74 days to go before World Cup 2019, here is a look at the significance of Pakistan's lowest World Cup total and how a single point made all the difference in the end.

Adelaide Oval was the venue and it was the group game between Pakistan and England. Both sides had contrasting starts to the tournament but were both looking for a win that would help their semi-final push.

Pakistan's all-time low

On a track with more than a tinge of green and a fast bowling quintet to call on, England, unsurprisingly elected to field after winning the toss.

It didn't take the bowlers long to ensure that Graham Gooch's decision was the right one. Phil DeFreitas got rid of Rameez Raja and Inzamam-ul-Haq in successive balls before Derek Pringle sent back stand-in skipper Javed Miandad and Aamer Sohail.

Blink and you would have missed Pakistan getting reduced to 42/7 and in danger of registering the lowest World Cup total. Wasim Haider's 13 and Mushtaq Ahmed's 17 helped them avoid that mark but they were still bowled out for 74, which at the time, was the lowest total at the World Cup by a Test nation.

When rain had the last laugh

With plenty of time and no pressure, it seemed as though it was only a matter of time before England registered one of the biggest wins in the tournament's history. At lunch, England were at 17/1 from six overs.

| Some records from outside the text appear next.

Lemma dstar_chain x : forall ws o a, dstar ws x o a = chain A ws (dstar [] x o a).
Proof.
  induction x as [X b| |x IH|x IHx y IHy|w x IH|o x IHx y IHy]; intros ws o0 a; simpl.
  - apply act_star_chain.
  - symmetry. apply (additive0 HA HA (chainD HA ws)).
  - rewrite IH. symmetry. apply (additiveN HA HA (chainD HA ws)).
  - rewrite IHx, IHy. symmetry. apply (chainD HA).
  - rewrite IH, (IH [w]), chain_app. reflexivity.
  - rewrite <- (weval_act_comp HA).
    + apply weval_act_ext; auto.
    + apply (chainD HA).
    + intros. apply (chain_natural (dstar [] y o1)). intros. apply dstar_un.
Qed.

End DerivedActions.

Section BequivCongruence.

Context {S : signature} {C : coi S} {A : alg S} (HA : is_model (@EG_ids S) A).
Implicit Types x y : bexpr C A.

Lemma bequiv_neg x x' : bequiv x x' -> bequiv (bneg x) (bneg x').
Proof.
  intros [Hdot Hstar]. split; intros; simpl.
  - apply ddot_opp_ext. intro. apply Hdot.
  - rewrite Hstar. reflexivity.
Qed.

Lemma bequiv_un w x x' : bequiv x x' -> bequiv (bun w x) (bun w x').
Proof.
  intros [Hdot Hstar]. split; intros; simpl.
  - apply Hdot.
  - rewrite (dstar_chain HA x [w]), (dstar_chain HA x' [w]), Hstar. reflexivity.
Qed.

Lemma bequiv_add x x' y y' :
  bequiv x x' -> bequiv y y' -> bequiv (badd x y) (badd x' y').
Proof.
  intros [Hxdot Hxstar] [Hydot Hystar]. split; intros; simpl.
  - rewrite Hydot, Hxdot. reflexivity.
  - rewrite Hxstar, Hystar. reflexivity.
Qed.

Lemma bequiv_bin o x x' y y' :
  bequiv x x' -> bequiv y y' -> bequiv (bbin o x y) (bbin o x' y').
Proof.
  intros [_ Hxstar] [_ Hystar]. split; intros; simpl.
  - reflexivity.
  - apply weval_act_ext; assumption.
Qed.

Lemma B_congruence : bcongruence C A.
Proof.
  split.
  - split; [apply bequiv_neg | intro; apply bequiv_un]; assumption.
  - split; [apply bequiv_add | intro; apply bequiv_bin]; assumption.
Qed.

Lemma B_satisfies_EG e : EG_ids e -> B_satisfies C A e.
Proof.
  intros He v. destruct He; split; intros; simpl.
  (* This settles the dot parts of all but the inverse laws, and both parts
     of the laws of the unary operations. *)
  all: try reflexivity.
  - apply (addA HA).
  - apply (addr0 HA).
  - apply (add0r HA).
  - apply (ddotK _ ws true).
  - apply (addrN HA).
  - apply (ddotK _ ws false).
  - apply (addNr HA).
  - apply (weval_act_addr HA); auto using dstar_central, dstar_additive.
Qed.

End BequivCongruence.

Theorem proposition3p1 (S : signature) (C : coi S) (A : alg S)
  (HA : is_model (ceq C) A) :
  bcongruence C A /\ (forall e : identity S, EG_ids e -> B_satisfies C A e).
Proof.
  pose proof (coi_model_EG HA) as HA_G.
  split.
  - exact (B_congruence HA_G).
  - exact (B_satisfies_EG HA_G).
Qed.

While Ian Botham and Robin Smith returned after lunch, needing 58 from 44 overs, they only batted for two more overs, adding seven more, before the heavens opened up.

Seven more overs had to be bowled for the contest to be decided. England needed a further 39 from those overs. While it was unfair considering the nature of the pitch, it was far from impossible.

But they never got the opportunity to go for it as the rain never relented. As a result, the points were shared and Pakistan were spared of an embarrassing loss.

How crucial was that one point? Well, Pakistan scraped through to the semis thanks to that one point after a terrible start to the tournament that saw them win just win one of their first five games. 

Three successive wins against Australia, Sri Lanka and New Zealand, gave them nine points, one more than Australia. If England had won the game, (as would have been the case if the rain gods didn't intervene), it would have been Australia going through to the semis courtesy of their superior net run rate.

There would be no Imran's tigers, tale of triumph or an incredible comeback story if rain hadn't become Pakistan's harbinger of hope in 1992.